Microsoft has recently cancelled building several large data centers because they are not seeing AI growth. Of course Microsoft is already heavily invested in AI, so they don’t come right out and say that’s why they cancelled them. That’s why they were building them, though.

Even without all of the other stuff happening righ now, AI is a very dangerous bubble to be investing in. None of us can help being part of it though, as all of our index funds own lots of companies deep into AI.

I agree on AI.

It seems to me that new things come along, get everyone all hot and bothered, and then- nothing.

Then the second generation figures it out.

In 1997 the internet was going to change everything. Then the dot com bubble burst, and we had a few new things to play with, but things didn’t change all that much.

Then, after that, the internet changed the world.

I’m a believer that with most technologies it’s the second gen that makes it work.
As I type this on my Commodore 64bit Laptop.

Yeah that’s why I’m asking here. I agree that AI was ahead of its skis. And a major recession may slow down the head long rush to adopt to not get behind the competition. Not sure it has dropped enough yet to consider it “on sale”, and my index fund still gives me ample exposure to it.

UHC I do think is a lower risk defensive bet at this price. I just hate the company and what they represent. In general I also want to not feel dirty with my individual stock picks.

I’m going to just watch each of them for now.

Thanks for the feedback.

So Trump is making yet more noise about firing Jerome Powell (which is illegal, but that is unlikely to matter) and threatening the independence of the Federal Reserve.

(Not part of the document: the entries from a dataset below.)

(* Let $G$ be an amenable locally compact group with left Haar measure $m$. If $(A_i)_{i\in\mathbb I}$ is a Følner net and $L\subseteq G$ is a compact symmetric unit neighborhood, then $(LA_i)_{i\in\mathbb I}$ is a strong Følner net.
   Context: $\mathcal K$: nonempty compact subsets of $G$; $\mathcal K_p$: those of positive Haar measure. Nets are indexed by a directed partially ordered set $(\mathbb I,\prec)$. For $K,A\subseteq G$: Følner boundary $\delta^KA=KA\,\triangle\, A$; strong Følner boundary $\partial_K A=K^{-1}A\cap K^{-1}(G\setminus A)$. A Følner net is a net $(A_i)$ in $\mathcal K_p$ with $\lim_i m(\delta^KA_i)/m(A_i)=0$ for every $K\in\mathcal K$; a strong Følner net is a net $(A_i)$ in $\mathcal K_p$ with $\lim_i m(\partial_KA_i)/m(A_i)=0$ for every $K\in\mathcal K$. $G$ is amenable if it admits a left-invariant mean on $L^\infty(G)$. *)

From HB Require Import structures.
From mathcomp Require Import all_boot all_order all_algebra.
From mathcomp Require Import all_classical all_reals all_analysis.
Set Implicit Arguments. Unset Strict Implicit. Unset Printing Implicit Defensive.
Import Order.TTheory GRing.Theory Num.Theory.
Import numFieldNormedType.Exports.
Local Open Scope classical_set_scope.
Local Open Scope ring_scope.

Section TopGroup.
Variables (G : ptopologicalType) (mul : G -> G -> G) (inv : G -> G) (one : G).

Definition is_topological_group : Prop :=
  [/\ (forall x y z, mul x (mul y z) = mul (mul x y) z),
      (forall x, mul one x = x /\ mul x one = x),
      (forall x, mul (inv x) x = one /\ mul x (inv x) = one),
      continuous (fun p : G * G => mul p.1 p.2) &
      continuous inv].

Definition is_locally_compact_group : Prop :=
  [/\ is_topological_group, hausdorff_space G & locally_compact [set: G]].
(* Let $0<b<1$ and $\varrho\ge0$ a function on $[0,b]$ with $\varrho/\zeta$ non-decreasing and bounded on $[0,b]$. Let $u\in C^{0,1}([0,b])$ and $\lambda\in\mathbb{R}$ satisfy $u'+(\frac1x+\widetilde\varrho)u+\lambda\zeta=0$ a.e. on $(0,b)$ with $u(0)=0$, $u(b)=1$. Then (i) $u(t)\ge t/b$ for all $t\in[0,b]$; (ii) if $\varrho\not\equiv0$ on $[0,b)$, then $u(t)>t/b$ for all $t\in(0,b)$.
   Context: $\zeta(t)=\frac2{1-t^2}$, $\widetilde\varrho(t)=t\zeta(t)+\varrho(t)$. (The function $t\mapsto t/b$ is the solution of the same problem when $\varrho\equiv0$.) *)

From Stdlib Require Import Reals Lra.
Open Scope R_scope.

Definition zeta (t : R) : R := 2 / (1 - t ^ 2).

Definition rho_tilde (rho : R -> R) (t : R) : R := t * zeta t + rho t.

Definition null_set (N : R -> Prop) : Prop :=
  forall eps : R, 0 < eps ->
    exists a c : nat -> R,
      (forall n, a n <= c n) /\
      (forall x, N x -> exists n, a n <= x <= c n) /\
      (forall n, sum_f_R0 (fun k => c k - a k) n <= eps).

Definition lipschitz_on (a b : R) (u : R -> R) : Prop :=
  exists L : R, forall x y, a <= x <= b -> a <= y <= b ->
    Rabs (u x - u y) <= L * Rabs (x - y).

From Coquelicot Require Import Coquelicot.
From Stdlib Require Import Reals Lra Classical.
Open Scope R_scope.
Lemma eval0_dilate K (M : 'M[P]_n) :
  map_mx (horner_eval 0) (map_mx (dilate K) M) = map_mx (horner_eval 0) M.
Proof.
by apply/matrixP=> i j; rewrite !mxE !horner_evalE horner_comp hornerCM hornerX mulr0.
Qed.

Lemma map_poly_dilate K (M : 'M[P]_n) :
  map_mx F (map_mx (dilate K) M) = map_mx (comp_poly ((f s ^+ K)%:P * 'X)) (map_mx F M).
Proof.
apply/matrixP=> i j; rewrite !mxE /= map_comp_poly rmorphM /= map_polyC map_polyX /=.
by rewrite rmorphXn.
Qed.

Lemma dilation_lift (g : 'M[P]_n) : map_mx (horner_eval 0) g = 1%:M ->
  in_E (map_mx F g) -> exists K, exists2 eps, in_E eps &
  map_mx F eps = map_mx F (map_mx (dilate K) g) /\ map_mx (horner_eval 0) eps = 1%:M.
Proof.
move=> g0 hE; have [d0 hd0 [V hV eW]] := elementary_poly_decomposition hE.
have d01 : d0 = 1%:M.
  have := congr1 (map_mx (horner_eval 0)) eW.
  by rewrite eval0_map_poly g0 map_mx1 map_mxM (X_conj_product_eval0 hV) mul1mx eval_const_mx.
rewrite d01 map_mx1 mulmx1 in eW.
have [K HK] := X_conj_product_dilation hV; have [eps heps eeps] := HK K (leqnn _).
have F_eps : map_mx F eps = map_mx F (map_mx (dilate K) g) by rewrite map_poly_dilate eW eeps.
pose e0 := map_mx (horner_eval (0 : A)) eps.
have [e0i he0i e0e0i] := in_E_inv (in_E_rmorph (horner_eval 0) heps : in_E e0).
have f_e0 : map_mx f e0 = 1%:M by rewrite -eval0_map_poly F_eps eval0_map_poly eval0_dilate g0 map_mx1.
have f_e0i : map_mx f e0i = 1%:M.
  by have := congr1 (map_mx f) e0e0i; rewrite map_mxM f_e0 mul1mx map_mx1.
exists K, (eps *m map_mx polyC e0i).
  by apply: in_E_mulmx => //; apply: in_E_rmorph.
split; last by rewrite (map_mxM (horner_eval (0 : A))) eval_const_mx.
rewrite map_mxM -F_eps.
have -> : map_mx F (map_mx polyC e0i) = map_mx polyC (map_mx f e0i).
  by apply/matrixP=> i j; rewrite !mxE /= map_polyC.
by rewrite f_e0i map_mx1 mulmx1.
Qed.

Lemma dilations_agree (G H : 'M[P]_n) :
  map_mx F G = map_mx F H -> map_mx (horner_eval 0) G = map_mx (horner_eval 0) H ->
  exists m, forall b, map_mx (horner_eval (s ^+ m * b)) G = map_mx (horner_eval (s ^+ m * b)) H.
Proof.
move=> FGH GH0.
have tors i j : exists k, (s ^+ k)%:P * (G i j - H i j) = 0.
  apply: (poly_localization_ker hloc).
  by rewrite rmorphB /=; move/matrixP: FGH => /(_ i j); rewrite !mxE => ->; rewrite subrr.
have [k hk] := @fin_all_exists _ (fun _ => nat) _ (fun ij : 'I_n * 'I_n => tors ij.1 ij.2).
pose m := (\max_(ij : 'I_n * 'I_n) k ij)%N.
exists m => b; apply/matrixP=> i j; rewrite !mxE.
rewrite !horner_evalE; apply/eqP; rewrite -subr_eq0 -hornerN -hornerD; apply/eqP.
apply: torsion_eval.
  move/matrixP: GH0 => /(_ i j); rewrite !mxE !horner_evalE => GH0.
  by rewrite -horner_coef0 hornerD hornerN GH0 subrr.
have le_k : (k (i, j) <= m)%N by apply: (leq_bigmax (i, j)).
by rewrite -(subnK le_k) exprD polyCM -mulrA hk mulr0.
Qed.

Theorem dilation_principle (g : 'M[P]_n) : map_mx (horner_eval 0) g = 1%:M ->
  in_E (map_mx F g) -> exists K, forall b : A, in_E (map_mx (horner_eval (s ^+ K * b)) g).
Proof.
move=> g0 hE; have [K [eps heps [F_eps eps0]]] := dilation_lift g0 hE.
have same0 : map_mx (horner_eval 0) eps = map_mx (horner_eval 0) (map_mx (dilate K) g).
  by rewrite eps0 eval0_dilate g0.
have [m agree] := dilations_agree F_eps same0.
exists (K + m)%N => b; have := in_E_rmorph (horner_eval (s ^+ m * b)) heps.
rewrite agree; congr in_E; apply/matrixP=> i j; rewrite !mxE !horner_evalE horner_comp.
by rewrite hornerCM hornerX exprD mulrA.
Qed.

End Dilation.

Section GradedRing.
Variables (R : comNzRingType) (Rg : nat -> R -> Prop) (hgr : graded_ring Rg).

Lemma graded0 i : Rg i 0.
Proof. exact: gr_zero. Qed.

Lemma gradedN i x : Rg i x -> Rg i (- x).
Proof. by move=> h; rewrite -sub0r; apply: (gr_sub hgr) => //; apply: graded0. Qed.

Lemma gradedD i x y : Rg i x -> Rg i y -> Rg i (x + y).
Proof. by move=> h1 h2; rewrite -[y]opprK; apply: (gr_sub hgr) => //; apply: gradedN. Qed.

Lemma graded_sum (I : Type) (r : seq I) (P : pred I) (F : I -> R) i :
  (forall l, P l -> Rg i (F l)) -> Rg i (\sum_(l <- r | P l) F l).
Proof. by move=> h; apply: big_ind => //; [apply: graded0 | apply: gradedD]. Qed.

Let decomposition_exists x : exists Nc : nat * (nat -> R),
  (forall i, Rg i (Nc.2 i)) /\ x = \sum_(i < Nc.1) Nc.2 i.
Proof. by have [N [c [h1 h2]]] := gr_span hgr x; exists (N, c). Qed.

Definition hdecomp x :=
  proj1_sig (constructive_indefinite_description _ (decomposition_exists x)).

Lemma hdecompP x :
  (forall i, Rg i ((hdecomp x).2 i)) /\ x = \sum_(i < (hdecomp x).1) (hdecomp x).2 i.
Proof. exact: (proj2_sig (constructive_indefinite_description _ (decomposition_exists x))). Qed.

Definition hcomp (k : nat) (x : R) : R := if (k < (hdecomp x).1)%N then (hdecomp x).2 k else 0.

Lemma sum_ord_pad (c : nat -> R) N L : (N <= L)%N ->
  \sum_(i < N) c i = \sum_(i < L) (if (i < N)%N then c i else 0).
Proof. by move=> h; rewrite (big_ord_widen L c h) big_mkcond. Qed.

(* By directness of the sum, any homogeneous decomposition gives the components. *)
Lemma hcomp_unique x (d : nat -> R) M : (forall i, Rg i (d i)) -> x = \sum_(i < M) d i ->
  forall k, hcomp k x = if (k < M)%N then d k else 0.
Proof.
move=> hd ex k; have [hc ec] := hdecompP x.
set N := (hdecomp x).1 in ec *; set c := (hdecomp x).2 in hc ec *.
pose L := maxn N M.
pose e i := (if (i < N)%N then c i else 0) - (if (i < M)%N then d i else 0).
have he i : Rg i (e i).
  by apply: (gr_sub hgr); case: ifP => _ //; apply: graded0.
have se : \sum_(i < L) e i = 0.
  by rewrite sumrB -sum_ord_pad ?leq_maxl // -sum_ord_pad ?leq_maxr // -ec -ex subrr.
rewrite /hcomp -/N -/c; case: (ltnP k L) => hk.
  by apply/eqP; rewrite -subr_eq0; apply/eqP; apply: (gr_direct hgr he se).
by rewrite !ltnNge (leq_trans (leq_maxl _ _) hk) (leq_trans (leq_maxr _ _) hk).
Qed.

Lemma hcomp_graded k x : Rg k (hcomp k x).
Proof. by rewrite /hcomp; case: ifP => _; [apply: (hdecompP x).1 | apply: graded0]. Qed.

Lemma hcomp_ge k x : ((hdecomp x).1 <= k)%N -> hcomp k x = 0.
Proof. by rewrite /hcomp ltnNge => ->. Qed.

Lemma hcomp_sum x L : ((hdecomp x).1 <= L)%N -> x = \sum_(i < L) hcomp i x.
Proof. by move=> h; rewrite {1}(hdecompP x).2 (sum_ord_pad _ h). Qed.

Lemma hcompD k x y : hcomp k (x + y) = hcomp k x + hcomp k y.
Proof.
pose L := maxn (hdecomp x).1 (hdecomp y).1.
have e : x + y = \sum_(i < L) (hcomp i x + hcomp i y).
  by rewrite big_split /= -!hcomp_sum // ?leq_maxl ?leq_maxr.
rewrite (hcomp_unique (d := fun i => hcomp i x + hcomp i y) _ e); last first.
  by move=> i; apply: gradedD; apply: hcomp_graded.
case: ltnP => // hk.
by rewrite !hcomp_ge ?addr0 //; apply: leq_trans hk; [apply: leq_maxr | apply: leq_maxl].
Qed.

Lemma hcomp0 k : hcomp k 0 = 0.
Proof. by rewrite (hcomp_unique (d := fun _ => 0) (M := 0)) ?big_ord0 //; move=> i; apply: graded0. Qed.

Lemma hcompN k x : hcomp k (- x) = - hcomp k x.
Proof. by apply/eqP; rewrite -subr_eq0 opprK -hcompD addNr hcomp0. Qed.

Lemma hcomp_deg0 k x : Rg 0 x -> hcomp k x = if k == 0%N then x else 0.
Proof.
move=> h; rewrite (hcomp_unique (d := fun i => if i == 0%N then x else 0) (M := 1)).
- by case: k.
- by case=> [|i] //=; apply: graded0.
- by rewrite big_ord1.
Qed.

Lemma hcomp_family (I : finType) (e : I -> R) (deg : I -> nat) :
  (forall l, Rg (deg l) (e l)) -> forall k,
  hcomp k (\sum_l e l) = \sum_(l | deg l == k) e l.
Proof.
move=> he k; pose m := \max_l deg l.
have hdeg l : (deg l < m.+1)%N by rewrite ltnS (leq_bigmax l).
pose g j := \sum_(l | deg l == j) e l.
have hg j : Rg j (g j) by apply: graded_sum => l /eqP <-.
have es : \sum_l e l = \sum_(j < m.+1) g j.
  rewrite (partition_big (fun l => (inord (deg l) : 'I_m.+1)) xpredT) //=.
  by apply: eq_bigr => j _; apply: eq_bigl => l; rewrite -val_eqE /= inordK.
rewrite (hcomp_unique hg es); case: ltnP => // hk.
rewrite /g big_pred0 // => l; apply/negbTE; rewrite neq_ltn.
by rewrite (leq_trans (hdeg l) hk).
Qed.

Definition Theta (x : R) : {poly R} := \poly_(i < (hdecomp x).1) hcomp i x.

Lemma coef_Theta x k : (Theta x)`_k = hcomp k x.
Proof. by rewrite coef_poly; case: ltnP => // h; rewrite hcomp_ge. Qed.

Lemma ThetaE x L : ((hdecomp x).1 <= L)%N -> Theta x = \sum_(i < L) hcomp i x *: 'X^i.
Proof.
move=> h; apply/polyP=> k; rewrite coef_Theta coef_sumMXn.
case: (ltnP k L) => hk.
  by rewrite (big_pred1 (Ordinal hk)) // => i /=; rewrite -val_eqE.
rewrite big_pred0; first by rewrite hcomp_ge // (leq_trans h hk).
by move=> i /=; apply/negbTE; rewrite neq_ltn (leq_trans (ltn_ord i) hk).
Qed.

Lemma Theta_zmod : zmod_morphism Theta.
Proof. by move=> x y; apply/polyP=> k; rewrite coefB !coef_Theta hcompD hcompN. Qed.

Lemma Theta_deg0 x : Rg 0 x -> Theta x = x%:P.
Proof. by move=> h; apply/polyP=> k; rewrite coef_Theta coefC hcomp_deg0. Qed.
(* Let $p,q\geq1$ be integers and let $\gamma(s)=(x(s),y(s))$ be a smooth curve with $x,y>0$, parametrized by arc length, with $\dot x=\cos\alpha$, $\dot y=\sin\alpha$ for a smooth function $\alpha(s)$, satisfying $$3\dot\alpha+p\,\frac{\sin\alpha}{x}-q\,\frac{\cos\alpha}{y}=0.$$ Let $I=y^{q/3}\cos\alpha$ and $J=x^{p/3}\sin\alpha$. Then $I$ and $J$ are increasing along such solutions. *)

From Stdlib Require Import Reals.
From Coquelicot Require Import Coquelicot.
Open Scope R_scope.

Definition in_interval (a b : Rbar) (s : R) : Prop :=
  Rbar_lt a s /\ Rbar_lt s b.

Definition smooth_on (a b : Rbar) (f : R -> R) : Prop :=
  forall (n : nat) (s : R), in_interval a b s -> ex_derive_n f n s.

Definition I_inv (q : nat) (y alpha : R -> R) (s : R) : R :=
  Rpower (y s) (INR q / 3) * cos (alpha s).
Definition J_inv (p : nat) (x alpha : R -> R) (s : R) : R :=
  Rpower (x s) (INR p / 3) * sin (alpha s).

(* Along a solution, 3 alpha' = q cos(alpha)/y - p sin(alpha)/x.  Differentiating,
   I' = y^(q/3) (q/3 sin(alpha) cos(alpha)/y - sin(alpha) alpha')
      = (p/3) y^(q/3) sin(alpha)^2 / x  >= 0,
   and symmetrically J' = (q/3) x^(p/3) cos(alpha)^2 / y >= 0: the curvature term
   cancels the cross term exactly, leaving a square. *)

From Stdlib Require Import Reals Lra.
From Coquelicot Require Import Coquelicot.
Open Scope R_scope.

Lemma in_interval_between (a b : Rbar) (s t u : R) :
  in_interval a b s -> in_interval a b t -> s <= u <= t -> in_interval a b u.
Proof.
  intros [Has _] [_ Htb] [Hsu Hut]; split.
  - apply (Rbar_lt_le_trans _ s); [exact Has | simpl; lra].
  - apply (Rbar_le_lt_trans _ t); [simpl; lra | exact Htb].
Qed.

Lemma nondecreasing_of_derive_nonneg (a b : Rbar) (f df : R -> R) :
  (forall u, in_interval a b u -> is_derive f u (df u)) ->
  (forall u, in_interval a b u -> 0 <= df u) ->
  forall s t, in_interval a b s -> in_interval a b t -> s <= t -> f s <= f t.
Proof.
  intros Df df_ge0 s t Hs Ht Hst.
  assert (Hin : forall u, Rmin s t <= u <= Rmax s t -> in_interval a b u).
  { rewrite Rmin_left, Rmax_right by lra.
    intros u Hu; exact (in_interval_between a b s t u Hs Ht Hu). }
  destruct (MVT_gen f s t df) as [c [Hc Hmvt]].
  - intros u Hu; apply Df, Hin; lra.
  - intros u Hu; apply continuity_pt_filterlim, (ex_derive_continuous f).
    exists (df u); apply Df, Hin, Hu.
  - assert (0 <= df c * (t - s)) by (apply Rmult_le_pos; [apply df_ge0, Hin, Hc | lra]).
    lra.
Qed.

Lemma is_derive_Rpower_comp (g : R -> R) (c u dg : R) :
  0 < g u -> is_derive g u dg ->
  is_derive (fun v => Rpower (g v) c) u (Rpower (g u) c * (c * (dg / g u))).
Proof.
  intros g_pos Dg; unfold Rpower.
  assert (Dlog : is_derive (fun v => c * ln (g v)) u (c * (dg / g u))).
  { apply (is_derive_scal (fun v => ln (g v))).
    exact (is_derive_comp ln g u (/ g u) dg (is_derive_ln _ g_pos) Dg). }
  rewrite Rmult_comm.
  exact (is_derive_comp exp (fun v => c * ln (g v)) u _ _ (is_derive_exp _) Dlog).
Qed.

Section Invariants.

Variables (p q : nat) (a b : Rbar) (x y alpha : R -> R).

Hypothesis xy_pos : forall s, in_interval a b s -> 0 < x s /\ 0 < y s.
Hypothesis x_derive : forall s, in_interval a b s -> is_derive x s (cos (alpha s)).
Hypothesis y_derive : forall s, in_interval a b s -> is_derive y s (sin (alpha s)).
Hypothesis alpha_derivable : forall s, in_interval a b s -> ex_derive alpha s.
Hypothesis alpha_ode : forall s, in_interval a b s ->
  3 * Derive alpha s + INR p * sin (alpha s) / x s - INR q * cos (alpha s) / y s = 0.

Let alpha_derive_eq s : in_interval a b s ->
  Derive alpha s = (INR q * cos (alpha s) / y s - INR p * sin (alpha s) / x s) / 3.
Proof. intros Hs; pose proof (alpha_ode s Hs); lra. Qed.

Lemma is_derive_I_inv s : in_interval a b s ->
  is_derive (I_inv q y alpha) s
    (INR p * Rpower (y s) (INR q / 3) * sin (alpha s) ^ 2 / (3 * x s)).
Proof.
  intros Hs; destruct (xy_pos s Hs) as [x_pos y_pos].
  pose proof (is_derive_mult _ _ s _ _
    (is_derive_Rpower_comp y (INR q / 3) s _ y_pos (y_derive s Hs))
    (is_derive_comp cos alpha s _ _ (is_derive_cos _) (Derive_correct _ _ (alpha_derivable s Hs)))
    Rmult_comm) as D.
  unfold I_inv; refine (eq_ind _ (is_derive _ s) D _ _).
  unfold plus, mult, scal; simpl; unfold mult; simpl.
  rewrite (alpha_derive_eq s Hs); field; lra.
Qed.

Lemma is_derive_J_inv s : in_interval a b s ->
  is_derive (J_inv p x alpha) s
    (INR q * Rpower (x s) (INR p / 3) * cos (alpha s) ^ 2 / (3 * y s)).
Proof.
  intros Hs; destruct (xy_pos s Hs) as [x_pos y_pos].
  pose proof (is_derive_mult _ _ s _ _
    (is_derive_Rpower_comp x (INR p / 3) s _ x_pos (x_derive s Hs))
    (is_derive_comp sin alpha s _ _ (is_derive_sin _) (Derive_correct _ _ (alpha_derivable s Hs)))
    Rmult_comm) as D.
  unfold J_inv; refine (eq_ind _ (is_derive _ s) D _ _).
  unfold plus, mult, scal; simpl; unfold mult; simpl.
  rewrite (alpha_derive_eq s Hs); field; lra.
Qed.

Lemma I_inv_nondecreasing s t :
  in_interval a b s -> in_interval a b t -> s <= t ->
  I_inv q y alpha s <= I_inv q y alpha t.
Proof.
  apply (nondecreasing_of_derive_nonneg a b _ _ is_derive_I_inv).
  intros u Hu; destruct (xy_pos u Hu) as [x_pos _].
  assert (0 <= INR p) by apply pos_INR.
  assert (0 < Rpower (y u) (INR q / 3)) by apply exp_pos.
  apply Rmult_le_pos; [| apply Rlt_le, Rinv_0_lt_compat; lra].
  apply Rmult_le_pos; [apply Rmult_le_pos; lra | apply pow2_ge_0].
Qed.

Lemma J_inv_nondecreasing s t :
  in_interval a b s -> in_interval a b t -> s <= t ->
  J_inv p x alpha s <= J_inv p x alpha t.
Proof.
  apply (nondecreasing_of_derive_nonneg a b _ _ is_derive_J_inv).
  intros u Hu; destruct (xy_pos u Hu) as [_ y_pos].
  assert (0 <= INR q) by apply pos_INR.
  assert (0 < Rpower (x u) (INR p / 3)) by apply exp_pos.
  apply Rmult_le_pos; [| apply Rlt_le, Rinv_0_lt_compat; lra].
  apply Rmult_le_pos; [apply Rmult_le_pos; lra | apply pow2_ge_0].
Qed.

End Invariants.

Theorem lemma4p3 (p q : nat) (a b : Rbar) (x y alpha : R -> R) :
  (1 <= p)%nat -> (1 <= q)%nat ->
  smooth_on a b x -> smooth_on a b y -> smooth_on a b alpha ->
  (forall s, in_interval a b s -> 0 < x s /\ 0 < y s) ->
  (forall s, in_interval a b s -> is_derive x s (cos (alpha s))) ->
  (forall s, in_interval a b s -> is_derive y s (sin (alpha s))) ->
  (forall s, in_interval a b s ->
     3 * Derive alpha s + INR p * sin (alpha s) / x s
       - INR q * cos (alpha s) / y s = 0) ->
  forall s t, in_interval a b s -> in_interval a b t -> s <= t ->
    I_inv q y alpha s <= I_inv q y alpha t /\
    J_inv p x alpha s <= J_inv p x alpha t.
Proof.
  intros _ _ _ _ alpha_smooth xy_pos x_derive y_derive alpha_ode s t Hs Ht Hst.
  assert (alpha_derivable : forall u, in_interval a b u -> ex_derive alpha u)
    by (intros u Hu; exact (alpha_smooth 1%nat u Hu)).
  split.
  - exact (I_inv_nondecreasing p q a b x y alpha xy_pos y_derive alpha_derivable
             alpha_ode s t Hs Ht Hst).
  - exact (J_inv_nondecreasing p q a b x y alpha xy_pos x_derive alpha_derivable
             alpha_ode s t Hs Ht Hst).
Qed.
Theorem farkas (J : finType) (S : J -> (I -> R) * R) :
  ~ (exists y, forall j, sat y (S j)) ->
  exists2 b, b < 0 & derivable S ((fun=> 0), b).
Proof. by apply: (@fourier_motzkin _ [set: I]) => // j i; rewrite inE. Qed.

End Farkas.

Section Commodity.
Variables (R : realType) (V A : finType) (tl hd : A -> V) (A1 : {set A}) (c : A -> R).
Hypothesis c_ge0 : forall a, 0 <= c a.
Local Notation tol := (tolled A1).
Local Notation cost x := (\sum_a c a * x a).
Local Notation X := (Xset tl hd).
Local Notation f := (@fk R V A tl hd A1 c).
Local Notation gk := (@gk R V A tl hd A1 c).

Definition walk_flow (p : seq A) (a : A) : R := (count_mem a p)%:R.

Lemma walk_flow_feasible u v p : walk tl hd u v p -> X u v (walk_flow p).
Proof.
elim: p u => [|a0 p IHp] u /=.
  move/eqP=> <-; split=> [v'|a]; last by rewrite ler0n.
  by rewrite /bvec subrr big1 // => a _; rewrite mulr0.
move=> /andP[/eqP tl_a0 walk_p]; have [flow_p _] := IHp _ walk_p.
split=> [v'|a]; last by rewrite ler0n.
have -> : \sum_a incid R tl hd v' a * walk_flow (a0 :: p) a =
          incid R tl hd v' a0 + \sum_a incid R tl hd v' a * walk_flow p a.
  rewrite /walk_flow /=; under eq_bigr do rewrite natrD mulrDr.
  rewrite big_split /= -(sum_delta a0 (incid R tl hd v')).
  by congr (_ + _); apply: eq_bigr => a _; rewrite mulrC eq_sym.
by rewrite flow_p /incid /bvec tl_a0 [hd a0 == _]eq_sym [u == _]eq_sym addrA subrK.
Qed.

Lemma tdot_walk_flow (t : tol -> R) p :
  all (fun a => a \notin A1) p -> tdot t (walk_flow p) = 0.
Proof.
move=> untolled; rewrite /tdot big1 // => i _.
rewrite /walk_flow; suff -> : count_mem (val i) p = 0%N by rewrite mulr0.
by apply/count_memPn/negP => /(allP untolled); rewrite /= (valP i).
Qed.

Lemma fk_ge u v (t : tol -> R) (m : R) : (forall i, 0 <= t i) ->
  (forall x, X u v x -> m <= cost x + tdot t x) -> (m%:E <= f u v t)%E.
Proof.
move=> t_ge0 m_le; rewrite /fk; have /forallP-> := t_ge0.
by apply/ereal_infP => _ [x Xx <-]; rewrite lee_fin; apply: m_le.
Qed.

Lemma tdot0l (x : A -> R) : tdot (fun _ : tol => 0) x = 0 :> R.
Proof. by rewrite /tdot big1 // => i _; rewrite mul0r. Qed.

Lemma vdot0l (w : tol -> R) : vdot (fun=> 0) w = 0 :> R.
Proof. by rewrite /vdot big1 // => i _; rewrite mul0r. Qed.

Lemma vdotZl (s : R) (t w : tol -> R) : vdot (fun i => s * t i) w = s * vdot t w.
Proof. by rewrite /vdot mulr_sumr; apply: eq_bigr => i _; rewrite mulrA. Qed.

Lemma tdotZl (s : R) (t : tol -> R) (x : A -> R) : tdot (fun i => s * t i) x = s * tdot t x.
Proof. by rewrite /tdot mulr_sumr; apply: eq_bigr => i _; rewrite mulrA. Qed.

Lemma fk0_ge0 u v : (0 <= f u v (fun=> 0%R))%E.
Proof.
apply: fk_ge => // x [_ x_ge0]; rewrite tdot0l addr0.
by apply: sumr_ge0 => a _; apply: mulr_ge0.
Qed.

Lemma gk_ge0 u v (W : tol -> R) : (0 <= gk u v W)%E.
Proof.
apply: le_trans (fk0_ge0 u v) _; apply: ereal_sup_ubound; exists (fun=> 0) => //.
by rewrite vdot0l sube0.
Qed.

Lemma gk_le_cost u v (W : tol -> R) x : X u v x -> (forall i, x (val i) <= W i) ->
  (gk u v W <= (cost x)%:E)%E.
Proof.
move=> Xx x_le_W; apply/ereal_supP => _ [t _ <-]; rewrite /fk.
case: ifP => [/forallP t_ge0|_]; last by rewrite leNye.
have fx : (ereal_inf [set (cost y + tdot t y)%:E | y in X u v] <= (cost x + tdot t x)%:E)%E.
  by apply: ereal_inf_lbound; exists x.
apply: le_trans (leeB fx (lexx (vdot t W)%:E)) _.
rewrite -EFinB lee_fin lerBlDr lerD2l.
by apply: ler_sum => i _; apply: ler_wpM2l.
Qed.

Annie Lowrey in the Atlantic says that if this happens:

So what do I do now (i.e. today) with my savings and retirement accounts?

I failed to predict that Trump would actually go through with his tariff threats and now my 401(k) is down 20% this year. All of the market advice you read says to leave things alone. But I’m starting to seriously worry about the long-term future of my financial health. (And lots of other things, but those are topics for another thread.)

I’m currently mostly invested in U.S. index funds, U.S. growth funds, and some bonds. Should I shift my 401(k) to foreign index funds? (I’m not even sure how to do that.)

Or gold? (I can’t believe I’m writing this, as I’m no goldbug.) I’m not sure how to do this either. I certainly don’t want to hold onto physical gold.

My savings are mostly in short-term CDs earning about 4.5%. These are fine, I guess, so long as the U.S. doesn’t experience hyperinflation. Which I now think has a nonzero chance of happening in the next four years, if not sooner.

Any advice would be greatly appreciated.

P.S. I know this is a common expression but as a skier, it always irritated me. Because in downhill skiing you want to have your weight (i.e. center of gravity) forward. Indeed, it’s almost impossible to get your weight too far forward. It’s when your weight shifts backwards that you lose control and will likely fall.